La Revista de Cirugía de Leipzig, publicación de gran autoridad y mérito, que algunos
libreros americanos harían bien en traducir y editar, relata en uno de los últimos números
un suceso muy penoso que presenta las características en cuestión.
Un oficial de artillería, hombre de gigantesca estatura y robusta salud, fue derribado
por un caballo indomable, recibiendo una contusión muy fuerte en la cabeza que en seguida
le hizo perder el sentido. Tenía una ligera fractura de cráneo, pero sin peligro inmediato. La
trepanación se realizó con éxito. Se le practicó una sangría y se adoptaron otros muchos
métodos comunes de alivio. Pero cayó gradualmente en un sopor cada vez más grave y, por
último, se le dio por muerto.
Hacía calor y lo enterraron con prisa indecorosa en uno de los cementerios públicos.
Sus funerales se realizaron un día jueves. El domingo siguiente frecuentaban el cementerio,
como  de  costumbre,  numerosos  visitantes  cuando,  alrededor  de  mediodía,  se  produjo  un
gran revuelo provocado por las palabras de un campesino que, habiéndose sentado en la
tumba del oficial, sintió claramente una conmoción en la tierra, como si alguien estuviera
luchando  debajo.  Al  principio  nadie  prestó  atención  a  las  palabras  del  hombre,  pero  su
evidente terror y la terca insistencia con que repetía su historia tuvieron, al fin, naturales
efectos  sobre  la  multitud.  Algunos  consiguieron  de  inmediato  unas  palas,  y  la  tumba,
vergonzosamente superficial, estuvo en pocos minutos tan abierta que dejó ver la cabeza de
su  ocupante.  Daba  la  impresión  de  estar  muerto,  pero  aparecía  casi  sentado  dentro  del
ataúd, cuya tapa, en una furiosa lucha, había levantado parcialmente.

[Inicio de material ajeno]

(* Let $n\geq1$ and $\Delta:=\rho_n^{n+1}\in M_n$. Then: (1) $\rho_1(\rho_n\rho_1)^{n-1}=\rho_n^{\,n}$, and hence $\Delta=(\rho_1\rho_n)^n=(\rho_n\rho_1)^n$. (2) For $1\leq i\leq n$, setting $a_i:=\rho_n^{\,i}(\rho_1\rho_n)^{n-i}$, one has $\rho_ia_i=a_i\rho_i=\Delta$; in particular each generator $\rho_i$ is both a left- and a right-divisor of $\Delta$, and $\Delta$ is central in $M_n$. (3) For all $a,b\in M_n$, if $ab=\Delta$ then $ba=\Delta$.
   Context: $M_n$ denotes the monoid with generators $\rho_1,\dots,\rho_n$ and relations $\rho_1\rho_n\rho_i=\rho_{i+1}\rho_n$ for $1\leq i\leq n-1$. *)

From mathcomp Require Import all_boot.
From Stdlib Require Import Relations.
Set Implicit Arguments. Unset Strict Implicit. Unset Printing Implicit Defensive.

(* The monoid M_n = < rho_1..rho_n | rho_1 rho_n rho_i = rho_{i+1} rho_n, 1<=i<=n-1 >.
   Elements are represented by words: a word is a [seq nat], the letter [k]
   standing for the generator rho_k (1 <= k <= n). The empty word is 1,
   concatenation is the product. *)

Definition valid_word (n : nat) (w : seq nat) : bool :=
  all (fun k => (0 < k) && (k <= n)) w.

Inductive Mstep (n : nat) : seq nat -> seq nat -> Prop :=
| Mstep_rel (u v : seq nat) (i : nat) :
    1 <= i -> i <= n - 1 ->
    Mstep n (u ++ [:: 1; n; i] ++ v) (u ++ [:: i.+1; n] ++ v).

Definition Meq (n : nat) : seq nat -> seq nat -> Prop :=
  clos_refl_sym_trans (seq nat) (Mstep n).

Definition wpow (w : seq nat) (k : nat) : seq nat := flatten (nseq k w).

(* Everything rests on the shifting identity
       (rho_1 rho_n)^m rho_i rho_n^c = rho_(i+m) rho_n^(c+m)      (i + m <= n),
   obtained by applying the defining relation m times; parts (1) and (2) are
   direct instances of it, and centrality follows from (2) letter by letter.
   Part (3) additionally needs LEFT CANCELLATIVITY of M_n.  We prove it by the
   classical "complement" argument: for letters x <> y, an equation x u = y v
   forces u = (x\y) r and v = (y\x) r, where x\y = rho_n^x rho_(y-x) if x < y
   and rho_n^y otherwise.  This is shown by induction on a weight preserved by
   the relations, composing the description along a chain of elementary
   steps; the composition step is a "diamond" lemma with three cases according
   to the relative order of the three head letters.  With cancellation, (3)
   follows by moving the letters of a to the right end one at a time. *)
From mathcomp Require Import all_boot.
From Stdlib Require Import Relations.
From mathcomp Require Import zify.
Set Implicit Arguments. Unset Strict Implicit.

Section Monoid.
Variable n : nat.

Lemma Meq_refl a : Meq n a a. Proof. exact: rst_refl. Qed.
Lemma Meq_sym a b : Meq n a b -> Meq n b a. Proof. exact: rst_sym. Qed.
Lemma Meq_trans a b c : Meq n a b -> Meq n b c -> Meq n a c.
Proof. exact: rst_trans. Qed.

Lemma Mstep_ctx c d a b : Mstep n a b -> Mstep n (c ++ a ++ d) (c ++ b ++ d).
Proof.
case=> u v i h1 h2; have := Mstep_rel (c ++ u) (v ++ d) h1 h2.
by rewrite -!catA.
Qed.

Lemma Meq_ctx c d a b : Meq n a b -> Meq n (c ++ a ++ d) (c ++ b ++ d).
Proof.
elim=> [x y H|x|x y _|x y z _ IH1 _ IH2].
- exact/rst_step/Mstep_ctx.
- exact: Meq_refl.
- exact: Meq_sym.
- exact: Meq_trans IH2.
Qed.

Lemma Meq_catl c a b : Meq n a b -> Meq n (c ++ a) (c ++ b).
Proof. by move/(Meq_ctx c [::]); rewrite !cats0. Qed.

Lemma Meq_cons k a b : Meq n a b -> Meq n (k :: a) (k :: b).
Proof. exact: (Meq_catl [:: k]). Qed.

Lemma Meq_catr d a b : Meq n a b -> Meq n (a ++ d) (b ++ d).
Proof. exact: (Meq_ctx [::] d). Qed.

Lemma wpowD (w : seq nat) a b : wpow w (a + b) = wpow w a ++ wpow w b.
Proof. by rewrite /wpow nseqD flatten_cat. Qed.

Lemma wpowSr (w : seq nat) m : wpow w m.+1 = wpow w m ++ w.
Proof. by rewrite -addn1 wpowD /wpow /= cats0. Qed.

Lemma wpow_swap a b m : a :: wpow [:: b; a] m = wpow [:: a; b] m ++ [:: a].
Proof.
elim: m => [//|m IH].
by rewrite /wpow /= -/(wpow [:: b; a] m) -/(wpow [:: a; b] m) -IH.
Qed.

Lemma nseq_split a b : a <= b -> nseq b n = nseq a n ++ nseq (b - a) n.
Proof. by move=> hab; rewrite -nseqD subnKC. Qed.

Lemma shift_letter m i c q : 1 <= i -> i + m <= n ->
  Meq n (wpow [:: 1; n] m ++ i :: nseq c n ++ q) ((i + m) :: nseq (c + m) n ++ q).
Proof.
elim: m => [|m IH] hi him; first by rewrite !addn0; exact: Meq_refl.
rewrite -[wpow _ m.+1]/([:: 1; n] ++ wpow [:: 1; n] m) -catA.
apply: Meq_trans (Meq_catl [:: 1; n] (IH hi ltac:(lia))) _.
apply: rst_step; rewrite !addnS.
by apply: (Mstep_rel [::] (nseq (c + m) n ++ q)); lia.
Qed.

Lemma exchange_block j k q : 1 <= j -> 1 <= k -> j + k <= n ->
  Meq n (j :: nseq j n ++ k :: q) ((j + k) :: nseq j n ++ q).
Proof.
case: j => [//|j] _ hk hjk.
have E1 := @shift_letter j 1 1 (k :: q) (leqnn 1) ltac:(lia).
have E2 := @shift_letter j.+1 k 0 q hk ltac:(lia).
rewrite add1n in E1; rewrite wpowSr -catA add0n addnC in E2.
exact: Meq_trans (Meq_sym E1) E2.
Qed.

(* A weight preserved by the relations (letter k weighs k, and 0 weighs 1);
   it is the induction measure for left cancellation. *)
Definition weight (w : seq nat) : nat := sumn (map (maxn^~ 1) w).

Lemma weight_cat a b : weight (a ++ b) = weight a + weight b.
Proof. by rewrite /weight map_cat sumn_cat. Qed.

Lemma weight_cons k w : weight (k :: w) = maxn k 1 + weight w.
Proof. by []. Qed.

Lemma Meq_weight a b : Meq n a b -> weight a = weight b.
Proof.
elim=> [x y []|x|x y _ ->|x y z _ -> _ ->] // u v i h1 h2.
rewrite !weight_cat /weight /= (maxn_idPl h1) (maxn_idPl (leqW h1)); lia.
Qed.

(* The right complement x\y: the word with x (x\y) = y (y\x) (see exchange_block). *)
Definition compl (x y : nat) : seq nat :=
  nseq (minn x y) n ++ (if x < y then [:: y - x] else [::]).

Lemma compl_lt x y : x < y -> compl x y = nseq x n ++ [:: y - x].
Proof. by move=> h; rewrite /compl (minn_idPl (ltnW h)) h. Qed.

Lemma compl_gt x y : y < x -> compl x y = nseq y n.
Proof. by move=> h; rewrite /compl (minn_idPr (ltnW h)) ltnNge (ltnW h) cats0. Qed.

(* heads_split x u y v: what an equation x u = y v says about u and v. *)
Definition heads_split (x : nat) (u : seq nat) (y : nat) (v : seq nat) : Prop :=
  (x = y -> Meq n u v) /\
  (x <> y -> [/\ 0 < x <= n, 0 < y <= n &
      exists r, Meq n u (compl x y ++ r) /\ Meq n v (compl y x ++ r)]).

Lemma heads_split_sym x u y v : heads_split x u y v -> heads_split y v x u.
Proof.
case=> Heq Hne; split=> [/esym/Heq/Meq_sym //|/nesym/Hne [hx hy [r [Hu Hv]]]].
by split=> //; exists r.
Qed.

Lemma Mstep_heads_split a b : Mstep n a b ->
  forall x u y v, a = x :: u -> b = y :: v -> heads_split x u y v.
Proof.
case=> [[|k w] v0 i h1 h2] x u y v /= [<- <-] [<- <-]; last first.
  by split=> // _; apply: rst_step; exact: Mstep_rel.
split=> [|_]; first lia.
have hl : 1 < i.+1 by lia.
split; [lia|lia|exists v0].
by rewrite (compl_lt hl) (compl_gt hl) subn1; split; exact: Meq_refl.
Qed.

Section Composition.
Variable W : nat.
Hypothesis cancel_IH : forall x u y v,
  weight (x :: u) <= W -> Meq n (x :: u) (y :: v) -> heads_split x u y v.

Lemma cancel_prefix c p q :
  weight (c ++ p) <= W -> Meq n (c ++ p) (c ++ q) -> Meq n p q.
Proof.
elim: c => [//|a c IHc] hw H; apply: IHc.
  by move: hw; rewrite /= weight_cons; lia.
by case: (cancel_IH hw H) => + _; apply.
Qed.

(* The diamond: if y\x p = y\z q, then x\y p and z\y q have a common form.
   The three cases below follow the position of y relative to x < z. *)
Definition diamond (x y z : nat) (p q : seq nat) : Prop :=
  exists r, Meq n (compl x y ++ p) (compl x z ++ r) /\
            Meq n (compl z y ++ q) (compl z x ++ r).

Lemma diamond_low x y z p q : y < x -> x < z -> z <= n ->
  weight (compl y x ++ p) <= W -> Meq n (compl y x ++ p) (compl y z ++ q) ->
  diamond x y z p q.
Proof.
move=> hyx hxz hz; have hyz := ltn_trans hyx hxz.
rewrite /diamond (compl_lt hyx) (compl_lt hyz) (compl_gt hyx) (compl_gt hyz).
rewrite (compl_lt hxz) (compl_gt hxz) (nseq_split (ltnW hyx)) -!catA => hw H.
have hw' : weight ((x - y) :: p) <= W.
  by move: hw; rewrite weight_cat !weight_cons; lia.
have [_ /(_ ltac:(lia)) [_ _ [r]]] := cancel_IH hw' (cancel_prefix hw H).
have l : x - y < z - y by lia.
rewrite (compl_lt l) (compl_gt l) (_ : z - y - (x - y) = z - x); last lia.
by move=> [Hp Hq]; exists r; rewrite -!catA; split; apply: Meq_catl; rewrite ?catA.
Qed.

Lemma diamond_mid x y z p q : 0 < x -> x < y -> y < z -> z <= n ->
  weight (compl y x ++ p) <= W -> Meq n (compl y x ++ p) (compl y z ++ q) ->
  diamond x y z p q.
Proof.
move=> hx hxy hyz hz; have hxz := ltn_trans hxy hyz.
rewrite /diamond (compl_gt hxy) (compl_lt hyz) (compl_lt hxy) (compl_gt hyz).
rewrite (compl_lt hxz) (compl_gt hxz) (nseq_split (ltnW hxy)) -!catA => hw H.
exists (nseq (y - x) n ++ q); split; last exact: Meq_refl.
rewrite -catA; apply/Meq_catl/(Meq_trans (Meq_cons _ (cancel_prefix hw H))).
rewrite (_ : z - x = (y - x) + (z - y)); last lia.
by apply: exchange_block; lia.
Qed.

Lemma diamond_high x y z p q : 0 < x -> x < z -> z < y -> y <= n ->
  weight (compl y x ++ p) <= W -> Meq n (compl y x ++ p) (compl y z ++ q) ->
  diamond x y z p q.
Proof.
move=> hx hxz hzy hy; have hxy := ltn_trans hxz hzy.
rewrite /diamond (compl_gt hxy) (compl_gt hzy) (compl_lt hxy) (compl_lt hzy).
rewrite (compl_lt hxz) (compl_gt hxz) (nseq_split (ltnW hxz)) -!catA => hw H.
exists (nseq (z - x) n ++ (y - z) :: q); split; last exact: Meq_refl.
rewrite -catA; apply/Meq_catl/(Meq_trans (Meq_cons _ (cancel_prefix hw H)))/Meq_sym.
rewrite (_ : y - x = (z - x) + (y - z)); last lia.
by apply: exchange_block; lia.
Qed.

Lemma diamond_lt x y z p q : y <> x -> y <> z -> x < z ->
  0 < x -> 0 < y <= n -> z <= n ->
  weight (compl y x ++ p) <= W -> Meq n (compl y x ++ p) (compl y z ++ q) ->
  diamond x y z p q.
Proof.
move=> nyx nyz hxz hx /andP [hy0 hy] hz.
have [hyx|hxy] := ltnP y x; first exact: diamond_low.
have [hyz|hzy] := ltnP y z; first by apply: diamond_mid; lia.
by apply: diamond_high; lia.
Qed.

Lemma diamond_ne x y z p q : y <> x -> y <> z -> x <> z ->
  0 < x <= n -> 0 < y <= n -> 0 < z <= n ->
  weight (compl y x ++ p) <= W -> Meq n (compl y x ++ p) (compl y z ++ q) ->
  diamond x y z p q.
Proof.
move=> nyx nyz nxz /andP [hx0 hx] hy /andP [hz0 hz] hw H.
have [hxz|hzx] := ltnP x z; first exact: diamond_lt.
have hw' : weight (compl y z ++ q) <= W by rewrite -(Meq_weight H).
have [|r [Hq Hp]] := diamond_lt nyz nyx _ hz0 hy hx hw' (Meq_sym H); first lia.
by exists r.
Qed.

Lemma heads_split_trans x u y v z s : weight v <= W ->
  heads_split x u y v -> heads_split y v z s -> heads_split x u z s.
Proof.
move=> hw [A1 A2] [B1 B2].
have [exy|/eqP nxy] := eqVneq x y.
  subst y; have Huv := A1 erefl.
  split=> [/B1/(Meq_trans Huv) //|/B2 [h1 h2 [r [r1 r2]]]].
  by split=> //; exists r; split=> //; exact: Meq_trans Huv r1.
have [eyz|/eqP nyz] := eqVneq y z.
  subst z; have Hvs := B1 erefl; split=> [/nxy //|/A2 [h1 h2 [r [r1 r2]]]].
  by split=> //; exists r; split=> //; exact: Meq_trans (Meq_sym Hvs) r2.
have [hx hy [p [Hu Hv]]] := A2 nxy.
have [_ hz [q [Hv' Hs]]] := B2 nyz.
have Hpq := Meq_trans (Meq_sym Hv) Hv'.
have hwp : weight (compl y x ++ p) <= W by rewrite -(Meq_weight Hv).
have [exz|/eqP nxz] := eqVneq x z.
  subst z; split=> [_|//]; apply: Meq_trans Hu (Meq_trans _ (Meq_sym Hs)).
  exact/Meq_catl/(cancel_prefix hwp).
split=> [/nxz //|_]; split=> //.
have [r [Hr1 Hr2]] := diamond_ne (nesym nxy) nyz nxz hx hy hz hwp Hpq.
by exists r; split; [exact: Meq_trans Hu Hr1 | exact: Meq_trans Hs Hr2].
Qed.

Lemma heads_split_chain a b : Meq n a b ->
  forall x u y v, a = x :: u -> b = y :: v -> weight (x :: u) <= W.+1 ->
  heads_split x u y v.
Proof.
elim=> [{}a {}b Hs|{}a|{}a {}b Hab IH|{}a {}b c Hab IH1 _ IH2] x u y v ea eb hw.
- exact: (Mstep_heads_split Hs ea eb).
- by subst; case: eb => -> ->; split=> // _; exact: Meq_refl.
- by apply/heads_split_sym/(IH _ _ _ _ eb ea); rewrite -eb (Meq_weight Hab) ea.
- have hwb : weight b = weight (x :: u) by rewrite -(Meq_weight Hab) ea.
  case eb' : b hwb => [|y' v'] hwb.
    by move: hwb; rewrite weight_cons /weight /=; lia.
  apply: (heads_split_trans _ (IH1 _ _ _ _ ea eb' hw)).
    by move: hwb hw; rewrite weight_cons; lia.
  by apply: (IH2 _ _ _ _ eb' eb); rewrite hwb.
Qed.

End Composition.

Lemma heads_split_Meq W x u y v : weight (x :: u) <= W ->
  Meq n (x :: u) (y :: v) -> heads_split x u y v.
Proof.
elim: W x u y v => [|W IHW] x u y v; first by rewrite weight_cons; lia.
by move=> hw H; exact: (heads_split_chain IHW H erefl erefl hw).
Qed.

Lemma cancel_letter x u v : Meq n (x :: u) (x :: v) -> Meq n u v.
Proof. by case/(heads_split_Meq (leqnn _)) => + _; apply. Qed.

Hypothesis hn : 1 <= n.

Let Delta := nseq n.+1 n.

Lemma rho1_rhon1_pow : Meq n ([:: 1] ++ wpow [:: n; 1] n.-1) (nseq n n).
Proof.
have := @shift_letter n.-1 1 0 [::] (leqnn 1) ltac:(lia).
have -> : nseq n n = n :: nseq n.-1 n by rewrite -{1}(prednK hn).
by rewrite /= wpow_swap add1n add0n prednK // !cats0.
Qed.

Lemma Delta_rho1n : Meq n Delta (wpow [:: 1; n] n).
Proof.
have := @shift_letter n.-1 1 1 [::] (leqnn 1) ltac:(lia).
rewrite add1n prednK // !cats0 -[1 :: nseq 1 n]/[:: 1; n] -wpowSr prednK //.
exact: Meq_sym.
Qed.

Lemma Delta_rhon1 : Meq n Delta (wpow [:: n; 1] n).
Proof.
have -> : wpow [:: n; 1] n = n :: ([:: 1] ++ wpow [:: n; 1] n.-1).
  by rewrite -[X in wpow _ X](prednK hn).
exact/Meq_cons/Meq_sym/rho1_rhon1_pow.
Qed.

Definition cofactor (i : nat) : seq nat := nseq i n ++ wpow [:: 1; n] (n - i).

Lemma cofactor_left i : 1 <= i <= n -> Meq n (i :: cofactor i) Delta.
Proof.
case/andP=> h1 h2.
have := @shift_letter i.-1 1 1 (wpow [:: 1; n] (n - i)) (leqnn 1) ltac:(lia).
rewrite add1n prednK // -[1 :: _ ++ _]/([:: 1; n] ++ _) catA -wpowSr -wpowD.
rewrite prednK // subnKC // => /Meq_sym/Meq_trans; apply.
exact: Meq_sym Delta_rho1n.
Qed.

Lemma cofactor_right i : 1 <= i <= n -> Meq n (cofactor i ++ [:: i]) Delta.
Proof.
case/andP=> h1 h2.
have := @shift_letter (n - i) i 0 [::] h1 ltac:(lia).
rewrite add0n subnKC // /cofactor -catA /Delta (nseq_split (leqW h2)) subSn //.
by move/(Meq_catl (nseq i n)); rewrite !cats0 => H; exact: H.
Qed.

Lemma Delta_central w : valid_word n w -> Meq n (Delta ++ w) (w ++ Delta).
Proof.
elim: w => [_|k w IH /andP [hk /IH Hw]]; first by rewrite cats0; exact: Meq_refl.
rewrite -cat1s catA.
apply: Meq_trans (Meq_catr _ (Meq_catr _ (Meq_sym (cofactor_left hk)))) _.
apply: Meq_cons.
exact: Meq_trans (Meq_catr _ (cofactor_right hk)) Hw.
Qed.

(* Part (3): ab = Delta implies ba = Delta, moving the letters of a one by one. *)
Lemma Delta_rotate a b : valid_word n a ->
  Meq n (a ++ b) Delta -> Meq n (b ++ a) Delta.
Proof.
elim: a b => [|x a IH] b; first by rewrite cats0.
case/andP=> hx ha H.
have Hc : Meq n (a ++ b) (cofactor x).
  by apply: (@cancel_letter x); exact: Meq_trans H (Meq_sym (cofactor_left hx)).
rewrite -cat1s catA; apply: (IH _ ha).
by rewrite catA; exact: Meq_trans (Meq_catr _ Hc) (cofactor_right hx).
Qed.

End Monoid.

Theorem proposition4p14 (n : nat) (hn : 1 <= n) :
  let Delta := nseq n.+1 n in
  [/\ Meq n ([:: 1] ++ wpow [:: n; 1] n.-1) (nseq n n),
      Meq n Delta (wpow [:: 1; n] n) /\ Meq n Delta (wpow [:: n; 1] n),
      (forall i, 1 <= i -> i <= n ->
         let a := nseq i n ++ wpow [:: 1; n] (n - i) in
         Meq n ([:: i] ++ a) Delta /\ Meq n (a ++ [:: i]) Delta),
      (forall w, valid_word n w -> Meq n (Delta ++ w) (w ++ Delta)) &
      (forall a b, valid_word n a -> valid_word n b ->
         Meq n (a ++ b) Delta -> Meq n (b ++ a) Delta)].
Proof.
rewrite /=; split.
- exact: rho1_rhon1_pow.
- exact: conj (Delta_rho1n hn) (Delta_rhon1 hn).
- move=> i h1 h2 /=; have hi : 1 <= i <= n by rewrite h1.
  exact (conj (cofactor_left hn hi) (cofactor_right hn hi)).
- exact (Delta_central hn).
- by move=> a b ha _; exact (Delta_rotate hn ha).
Qed.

Fue llevado en seguida al hospital más cercano, donde se le declaró vivo, aunque en
estado de asfixia. Después de algunas horas reaccionó, reconoció a sus amigos y, con frases
entrecortadas, habló de sus angustias en el sepulcro.
A través de su relato resultó claro que la víctima debía haber conservado conciencia de
la vida durante más de una hora después de la inhumación, hasta perder el sentido. La fosa
había sido llenada descuidadamente con una tierra muy porosa, sin apisonarla, y así le llegó
algo de aire. Oyó los pasos de la multitud sobre su cabeza y trató a su vez de hacerse oír. El
tumulto en el interior de la tierra, dijo, fue lo que pareció despertarlo de un profundo sueño,
pero apenas despierto comprendió el espantoso horror de su estado.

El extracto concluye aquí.